Ветер дул ей в спину. Она спускалась с горы по круто уходящей вниз дороге, судорожно сжимая в правой руке ручку полупустого, истрепанного фибрового чемодана, подаренного ей женой учителя. По ее щекам текли слезы, у нее не было носового платка, и она вытирала их ладонью. Сколько раз ходила она по этой дороге, от их обветшавшего домишки вниз, в деревню, восемь лет в школу, последний год, чтобы сделать небольшие покупки или выполнить какое-нибудь поручение, по воскресеньям — к мессе. Она бы с удовольствием научилась шить, в деревне жила портниха, готовая взять ее в ученицы. Но родители считали, этим денег не заработаешь, она, хоть и маленькая, но цепкая и выносливая, так что из нее можно выжать и побольше. После окончания восьмилетней народной школы она, спускаясь в деревню, каждый раз проходила мимо дома портнихи и смотрела, как ученицы за стеклами окон работают иглой, она могла бы быть сейчас на их месте.
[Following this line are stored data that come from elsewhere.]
(* Let $\langle\mathcal{D},\sigma,\varphi\rangle$ be a hybrid temporal achievement causal setting. Then $$\mathcal{D}\models\mathit{CausesDir}^{\mathit{prim}}_{\mathit{temp}}(a,ts,\varphi,\sigma)\land\sigma\le s^*\land\big(\forall s',t'.\;\sigma\le s'\le s^*\land\mathit{start}(s')\le t'\le\mathit{end}(s',s^* )\supset\varphi[t',s']\big)\supset\mathit{CausesDir}^{\mathit{prim}}_{\mathit{temp}}(a,ts,\varphi,s^* )$$ (free variables $a,ts,s^*$ universally quantified).
   Context: Hybrid temporal situation calculus (HTSC): $S_0$ initial situation, $do(a,s)$ successor situation, $do([a_1,\dots,a_n],s)$ the nesting. $s\sqsubset s'$: $s'$ reachable from $s$ by one or more actions; $s\sqsubseteq s'$: $s\sqsubset s'\lor s=s'$. $\mathit{time}(a(\vec x,t))=t$, $\mathit{start}(do(a,s))=\mathit{time}(a)$. $\mathit{Exec}(s)\doteq\forall a,s'.(do(a,s')\sqsubseteq s\supset\mathit{Poss}(a,s')\land\mathit{start}(s')\le\mathit{time}(a))$; $s<s'$ abbreviates $s\sqsubset s'\land\mathit{Exec}(s')$; $s\le s'$ abbreviates $s<s'\lor s=s'$. $\mathit{timeStamp}(S_0)=0$, $\mathit{timeStamp}(do(a,s))=\mathit{timeStamp}(s)+1$. A hybrid basic action theory $\mathcal{D}$ contains initial-state, precondition, successor-state (discrete fluents), state evolution (temporal fluents), unique-names and foundational axioms. A temporal fluent $f$ has state evolution axiom $f(\vec x,t,s)=y\equiv[\bigvee_i(\gamma^f_i(\vec x,s)\land\delta_i(\vec x,y,t,s))\lor(y=f(\vec x,\mathit{start}(s),s)\land\neg\bigvee_i\gamma^f_i(\vec x,s))]$ with mutually exclusive contexts $\gamma^f_i$ (formulas over discrete fluents). An effect $\varphi$ is a situation- and time-suppressed formula, uniform in the situation, constraining the value of one primitive temporal fluent $f$; $\varphi[t,s]$ restores time $t$ and situation $s$; $\psi[s]$ restores $s$ in a situation-suppressed $\psi$. $\mathit{CausesDir}(a,ts,\psi,s)\doteq\exists s_a.\,\mathit{timeStamp}(s_a)=ts\land(S_0<do(a,s_a)\le s)\land\neg\psi[s_a]\land\forall s'.(do(a,s_a)\le s'\le s\supset\psi[s'])$. $\mathit{end}(s',s)=\mathit{start}(s')$ if $s'=s$; $=\mathit{time}(a)$ if $do(a,s')\le s$. $\mathit{AchvSitAux}(s_\varphi,\varphi,s)\doteq\varphi[\mathit{end}(s_\varphi,s),s_\varphi]\land\forall s',t.(s_\varphi<s'\le s\land\mathit{start}(s')\le t\le\mathit{end}(s',s)\supset\varphi[t,s'])$; $\mathit{AchvSit}(s_\varphi,\varphi,s)\doteq\mathit{AchvSitAux}(s_\varphi,\varphi,s)\land\neg\exists s''.(s''<s_\varphi\land\mathit{AchvSitAux}(s'',\varphi,s))$. $\mathit{CausesDir}^{\mathit{prim}}_{\mathit{temp}}(a,ts,\varphi,s)\doteq\exists s_\varphi.\,\mathit{AchvSit}(s_\varphi,\varphi,s)\land\exists i.\,\mathit{CausesDir}(a,ts,\gamma^f_i,s_\varphi)$. Hybrid temporal achievement causal setting $\langle\mathcal{D},\sigma,\varphi\rangle$: $\sigma=do([\alpha_1,\dots,\alpha_n],S_0)$ ground, $n\ge1$, $\mathcal{D}\models\mathit{Exec}(\sigma)\land\neg\varphi[\mathit{start}(S_0),S_0]\land\neg\varphi[\mathit{time}(\alpha_1),S_0]\land\varphi[\mathit{start}(\sigma),\sigma]$. *)

From Stdlib Require Import Reals List.
Import ListNotations.
Open Scope R_scope.

(* By the foundational axioms of the situation calculus, the situations of any
   model form the tree of finite action sequences rooted at S0.  We therefore
   represent a situation as a list of actions, most recent action first:
   S0 = [], do(a,s) = a :: s. *)

Definition S0 {Act : Type} : list Act := [].
Definition do {Act : Type} (a : Act) (s : list Act) : list Act := a :: s.

Fixpoint do_seq {Act : Type} (l : list Act) (s : list Act) : list Act :=
  match l with
  | [] => s
  | a :: l' => do_seq l' (do a s)
  end.

Inductive sqsub {Act : Type} : list Act -> list Act -> Prop :=
| sqsub_do : forall a s, sqsub s (do a s)
| sqsub_step : forall a s s', sqsub s s' -> sqsub s (do a s').

Definition sqsubeq {Act : Type} (s s' : list Act) : Prop := sqsub s s' \/ s = s'.

Definition start {Act : Type} (time : Act -> R) (start0 : R) (s : list Act) : R :=
  match s with
  | [] => start0
  | a :: _ => time a
  end.

Definition timeStamp {Act : Type} (s : list Act) : nat := length s.

Section HTSC.
Variable Act : Type.
Variable time : Act -> R.
Variable Poss : Act -> list Act -> Prop.
Variable start0 : R.

Local Notation start := (start time start0).

Definition Exec (s : list Act) : Prop :=
  forall a s', sqsubeq (do a s') s -> Poss a s' /\ start s' <= time a.

Definition slt (s s' : list Act) : Prop := sqsub s s' /\ Exec s'.
Definition sle (s s' : list Act) : Prop := slt s s' \/ s = s'.

Definition CausesDir (a : Act) (ts : nat) (psi : list Act -> Prop) (s : list Act) : Prop :=
  exists sa, timeStamp sa = ts /\ slt S0 (do a sa) /\ sle (do a sa) s /\ ~ psi sa /\
    forall s', sle (do a sa) s' -> sle s' s -> psi s'.

(* End s' s e  :<->  end(s', s) = e  (end is a partial function, defined
   when s' = s or do(a,s') <= s; it is then single-valued) *)
Definition End (s' s : list Act) (e : R) : Prop :=
  (s' = s /\ e = start s') \/ (exists a, sle (do a s') s /\ e = time a).

(* phi : R -> situation -> Prop is phi[t,s] *)
Definition AchvSitAux (sphi : list Act) (phi : R -> list Act -> Prop) (s : list Act) : Prop :=
  (exists e, End sphi s e /\ phi e sphi) /\
  (forall s' t e, slt sphi s' -> sle s' s -> End s' s e ->
      start s' <= t -> t <= e -> phi t s').

Definition AchvSit (sphi : list Act) (phi : R -> list Act -> Prop) (s : list Act) : Prop :=
  AchvSitAux sphi phi s /\ ~ (exists s'', slt s'' sphi /\ AchvSitAux s'' phi s).

(* CausesDir^prim_temp(a, ts, phi, s); gamma i are the contexts gamma^f_i of
   the state evolution axiom of the temporal fluent f constrained by phi. *)
Definition CausesDirPrimTemp (I : Type) (gamma : I -> list Act -> Prop)
  (a : Act) (ts : nat) (phi : R -> list Act -> Prop) (s : list Act) : Prop :=
  exists sphi, AchvSit sphi phi s /\ exists i, CausesDir a ts (gamma i) sphi.

End HTSC.

Definition effect {Act V : Type} (Phi : V -> Prop) (f : R -> list Act -> V)
  : R -> list Act -> Prop := fun t s => Phi (f t s).

Arguments Exec {Act}.
Arguments slt {Act}.
Arguments sle {Act}.
Arguments CausesDir {Act}.
Arguments End {Act}.
Arguments AchvSitAux {Act}.
Arguments AchvSit {Act}.
Arguments CausesDirPrimTemp {Act} time Poss start0 {I}.

From Stdlib Require Import Reals List Lra Lia.
Import ListNotations.
Open Scope R_scope.
Set Implicit Arguments.

(* Keep the achievement situation s_phi and the context change that caused
   it.  Relative to s^*, phi still holds from s_phi onwards: up to sigma
   because s_phi achieved phi relative to sigma, and on [sigma, s^*] by
   assumption.  And s_phi stays the earliest such situation: an earlier
   achievement situation s'' relative to s^* is also one relative to sigma,
   because the only new obligation, phi at start(sigma) in sigma, is covered
   by the obligation of s'' on [start(sigma), end(sigma, s^* )].  Situations
   are lists, so the reachability order is the suffix order, and two
   situations below a common one are comparable by length. *)

Definition suffix {A : Type} (s s' : list A) : Prop := exists l, s' = l ++ s.

Section Suffix.
Context {A : Type}.
Implicit Types s : list A.

Lemma suffix_refl s : suffix s s.
Proof. now exists []. Qed.

Lemma suffix_trans s1 s2 s3 : suffix s1 s2 -> suffix s2 s3 -> suffix s1 s3.
Proof. intros [l1 ->] [l2 ->]. exists (l2 ++ l1). now rewrite app_assoc. Qed.

Lemma suffix_length s s' : suffix s s' -> (length s <= length s')%nat.
Proof. intros [l ->]. rewrite length_app. lia. Qed.

Lemma suffix_total s1 s2 s :
  suffix s1 s -> suffix s2 s -> (length s1 <= length s2)%nat -> suffix s1 s2.
Proof.
  intros [l1 ->] [l2 E] Hlen.
  destruct (app_eq_app _ _ _ _ E) as [l [[_ ->] | [_ ->]]].
  - now exists l.
  - rewrite length_app in Hlen.
    destruct l; [apply suffix_refl | simpl in Hlen; lia].
Qed.

Lemma sqsub_app s l a : sqsub s (l ++ a :: s).
Proof. induction l; [apply sqsub_do | now apply sqsub_step]. Qed.

Lemma sqsub_inv s s' : sqsub s s' -> exists a l, s' = l ++ a :: s.
Proof.
  induction 1 as [a s | b s s' _ [a [l ->]]].
  - now exists a, [].
  - now exists a, (b :: l).
Qed.

Lemma sqsub_length s s' : sqsub s s' -> (length s < length s')%nat.
Proof. intros [a [l ->]]%sqsub_inv. rewrite length_app. simpl. lia. Qed.

Lemma sqsub_suffix_trans s1 s2 s3 : sqsub s1 s2 -> suffix s2 s3 -> sqsub s1 s3.
Proof.
  intros [a [l ->]]%sqsub_inv [l' ->].
  rewrite app_assoc. apply sqsub_app.
Qed.

Lemma sqsubeq_iff_suffix s s' : sqsubeq s s' <-> suffix s s'.
Proof.
  split.
  - intros [[a [l ->]]%sqsub_inv | ->]; [exists (l ++ [a]) | exists []];
      now rewrite <- ?app_assoc.
  - intros [l ->]. induction l as [|a l _] using rev_ind; [now right |].
    left. rewrite <- app_assoc. apply sqsub_app.
Qed.

End Suffix.

Section SituationOrder.
Variables (Act : Type) (time : Act -> R) (Poss : Act -> list Act -> Prop) (start0 : R).

Local Notation start := (start time start0).
Local Notation Exec := (Exec time Poss start0).
Local Notation slt := (slt time Poss start0).
Local Notation sle := (sle time Poss start0).
Local Notation End := (End time Poss start0).

Implicit Types s : list Act.

Lemma Exec_suffix s s' : Exec s' -> suffix s s' -> Exec s.
Proof.
  intros HX Hs a s0 H. apply HX, sqsubeq_iff_suffix.
  exact (suffix_trans (proj1 (sqsubeq_iff_suffix _ _) H) Hs).
Qed.

Lemma sle_suffix s s' : sle s s' -> suffix s s'.
Proof.
  intros [[H _] | ->]; [|apply suffix_refl].
  now apply sqsubeq_iff_suffix; left.
Qed.

Lemma suffix_sle s s' : Exec s' -> suffix s s' -> sle s s'.
Proof.
  intros HX [H | ->]%sqsubeq_iff_suffix; [left | right]; easy.
Qed.

Lemma sle_trans s1 s2 s3 : sle s1 s2 -> sle s2 s3 -> sle s1 s3.
Proof.
  intros H12 [[H23 HX] | <-]; [|exact H12].
  apply suffix_sle; [exact HX |].
  apply (suffix_trans (sle_suffix H12)), sqsubeq_iff_suffix. now left.
Qed.

Lemma slt_do s s' : slt s s' -> exists b, sle (do b s) s'.
Proof.
  intros [[b [l ->]]%sqsub_inv HX]. exists b.
  apply suffix_sle; [exact HX | now exists l].
Qed.

Lemma End_suffix s' s e : End s' s e -> suffix s' s.
Proof.
  intros [[-> _] | [b [Hb _]]]; [apply suffix_refl |].
  apply (suffix_trans (s2 := do b s')); [now exists [b] | exact (sle_suffix Hb)].
Qed.

Lemma End_exists_ge_start s s' :
  sle s s' -> exists e, End s s' e /\ start s <= e.
Proof.
  intros [Hlt | <-].
  - destruct (slt_do Hlt) as [b Hb]. exists (time b). split.
    + right. now exists b.
    + apply (proj2 Hlt), sqsubeq_iff_suffix, sle_suffix, Hb.
  - exists (start s). split; [left | right]; easy.
Qed.

Section BelowExecutable.
Variable top : list Act.
Hypothesis Htop : Exec top.

Lemma sle_of_suffixes s1 s2 :
  suffix s1 top -> suffix s2 top -> (length s1 <= length s2)%nat -> sle s1 s2.
Proof.
  intros H1 H2 Hlen.
  exact (suffix_sle (Exec_suffix Htop H2) (suffix_total H1 H2 Hlen)).
Qed.

Lemma End_narrow s' s e :
  suffix s top -> (length s' < length s)%nat -> End s' top e -> End s' s e.
Proof.
  intros Hs Hlen [[-> _] | [b [Hb ->]]].
  - apply suffix_length in Hs. lia.
  - right. exists b. split; [|reflexivity].
    apply sle_of_suffixes; [exact (sle_suffix Hb) | exact Hs | simpl; lia].
Qed.

End BelowExecutable.

Variable phi : R -> list Act -> Prop.

Local Notation AchvSitAux := (AchvSitAux time Poss start0).
Local Notation AchvSit := (AchvSit time Poss start0).

Lemma AchvSitAux_extend sphi s sstar :
  AchvSitAux sphi phi s -> sle s sstar ->
  (forall s' t e, sle s s' -> sle s' sstar -> End s' sstar e ->
     start s' <= t -> t <= e -> phi t s') ->
  AchvSitAux sphi phi sstar.
Proof.
  intros Haux [[Hsub Hstar] | <-] Hnew; [|exact Haux].
  destruct Haux as [[e [HE Hphi]] Hafter].
  assert (Hs : suffix s sstar) by (apply sqsubeq_iff_suffix; now left).
  split.
  - destruct HE as [[-> ->] | [b [Hb ->]]].
    + destruct (End_exists_ge_start (s := s) (s' := sstar)) as [e' [HE' He']];
        [now left |].
      exists e'. split; [exact HE' |].
      apply (Hnew _ _ e'); [now right | now left | exact HE' | exact He' | lra].
    + exists (time b). split; [|exact Hphi].
      right. exists b. split; [|reflexivity].
      apply (sle_trans Hb). now left.
  - intros s' t e' Hlt' Hle' HE' Ht1 Ht2.
    pose proof (sle_suffix Hle') as Hs'.
    destruct (Nat.le_gt_cases (length s) (length s')) as [Hlen | Hlen].
    + apply (Hnew s' t e'); auto. exact (sle_of_suffixes Hstar Hs Hs' Hlen).
    + apply (Hafter s' t e'); auto.
      * apply (sle_of_suffixes Hstar Hs' Hs). lia.
      * exact (End_narrow Hstar Hs Hlen HE').
Qed.

Lemma AchvSitAux_restrict s'' s sstar :
  AchvSitAux s'' phi sstar -> sqsub s'' s -> sle s sstar -> AchvSitAux s'' phi s.
Proof.
  intros [[e [HE Hphi]] Hafter] Hsub Hle. split.
  - destruct Hle as [[Hss HX] | <-]; [|now exists e].
    exists e. split; [|exact Hphi].
    apply (End_narrow HX); [now apply sqsubeq_iff_suffix; left | |exact HE].
    exact (sqsub_length Hsub).
  - intros s' t e' Hlt' Hle' [[-> ->] | [b [Hb ->]]] Ht1 Ht2.
    + destruct (End_exists_ge_start Hle) as [e'' [HE'' He'']].
      apply (Hafter s t e''); auto. lra.
    + apply (Hafter s' t (time b)); auto.
      * exact (sle_trans Hle' Hle).
      * right. exists b. split; [exact (sle_trans Hb Hle) | reflexivity].
Qed.

Lemma AchvSit_extend sphi s sstar :
  AchvSit sphi phi s -> sle s sstar ->
  (forall s' t e, sle s s' -> sle s' sstar -> End s' sstar e ->
     start s' <= t -> t <= e -> phi t s') ->
  AchvSit sphi phi sstar.
Proof.
  intros [Haux Hmin] Hle Hnew. split; [exact (AchvSitAux_extend Haux Hle Hnew) |].
  intros [s'' [Hlt Haux'']]. apply Hmin. exists s''.
  split; [exact Hlt |]. apply (AchvSitAux_restrict Haux''); [|exact Hle].
  destruct Haux as [[e [HE _]] _].
  exact (sqsub_suffix_trans (proj1 Hlt) (End_suffix HE)).
Qed.

Lemma CausesDirPrimTemp_extend (I : Type) (gamma : I -> list Act -> Prop) a ts s sstar :
  CausesDirPrimTemp time Poss start0 gamma a ts phi s -> sle s sstar ->
  (forall s' t e, sle s s' -> sle s' sstar -> End s' sstar e ->
     start s' <= t -> t <= e -> phi t s') ->
  CausesDirPrimTemp time Poss start0 gamma a ts phi sstar.
Proof.
  intros [sphi [Hachv Hcause]] Hle Hnew.
  exists sphi. split; [exact (AchvSit_extend Hachv Hle Hnew) | exact Hcause].
Qed.

End SituationOrder.

Theorem theorem5p6
  (Act : Type) (time : Act -> R) (Poss : Act -> list Act -> Prop) (start0 : R)
  (V : Type) (I : Type)
  (gamma : I -> list Act -> Prop)
  (delta : I -> V -> R -> list Act -> Prop)
  (f : R -> list Act -> V) (Phi : V -> Prop)
  (* contexts of the state evolution axiom are mutually exclusive *)
  (Hexcl : forall i j s, gamma i s -> gamma j s -> i = j)
  (* state evolution axiom of f *)
  (Hsea : forall t s y,
      f t s = y <->
      ((exists i, gamma i s /\ delta i y t s) \/
       (y = f (start time start0 s) s /\ ~ (exists i, gamma i s))))
  (* the causal setting: sigma = do([alpha1; ...; alphan], S0), n >= 1 *)
  (alpha1 : Act) (alphas : list Act)
  (Hexec : Exec time Poss start0 (do_seq (alpha1 :: alphas) S0))
  (Hnot0 : ~ effect Phi f (start time start0 S0) S0)
  (Hnot1 : ~ effect Phi f (time alpha1) S0)
  (Hach : effect Phi f (start time start0 (do_seq (alpha1 :: alphas) S0))
                       (do_seq (alpha1 :: alphas) S0)) :
  forall (a : Act) (ts : nat) (sstar : list Act),
    CausesDirPrimTemp time Poss start0 gamma a ts (effect Phi f)
      (do_seq (alpha1 :: alphas) S0) ->
    sle time Poss start0 (do_seq (alpha1 :: alphas) S0) sstar ->
    (forall s' t' e,
        sle time Poss start0 (do_seq (alpha1 :: alphas) S0) s' ->
        sle time Poss start0 s' sstar ->
        End time Poss start0 s' sstar e ->
        start time start0 s' <= t' -> t' <= e ->
        effect Phi f t' s') ->
    CausesDirPrimTemp time Poss start0 gamma a ts (effect Phi f) sstar.
Proof.
  (* Persistence holds for every situation, not only for the setting's sigma. *)
  intros a ts sstar. apply CausesDirPrimTemp_extend.
Qed.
Заставляя себя идти дальше, она ощущала в желудке пустоту, а рот переполнялся слюной, хотя есть совсем не хотелось. Цепкость и выносливость не принесли ей ничего, кроме работы батрачки, вместе с родителями она ходила помогать богатым крестьянам убирать урожай. Платили ей гораздо меньше, чем родителям, а вина, разбавленного водой, она не любила. В их маленьком домике, с примыкавшим к нему каменистым картофельным полем, с немногочисленным тощим скотом, для нее не было работы, которая могла бы дать заработок. Младшие братья не нуждались больше в ее присмотре и тяготились им. Хотя никто не говорил об этом вслух, но Агнес знала: все ждут, когда она наконец уйдет из дома, найдет себе место и не будет каждый день садиться за стол вместе с остальными. Место объявилось совершенно неожиданно. Знакомый торговец прочел в местной газете, что для ведения хозяйства на одной венской вилле требуется честная, здоровая деревенская девушка, годится и не имеющая опыта работы. На запрос Агнес, написанный каллиграфическим почерком, был получен положительный ответ, ей прислали деньги на дорогу, предложили неплохое жалованье. Выходной — каждое второе воскресенье месяца.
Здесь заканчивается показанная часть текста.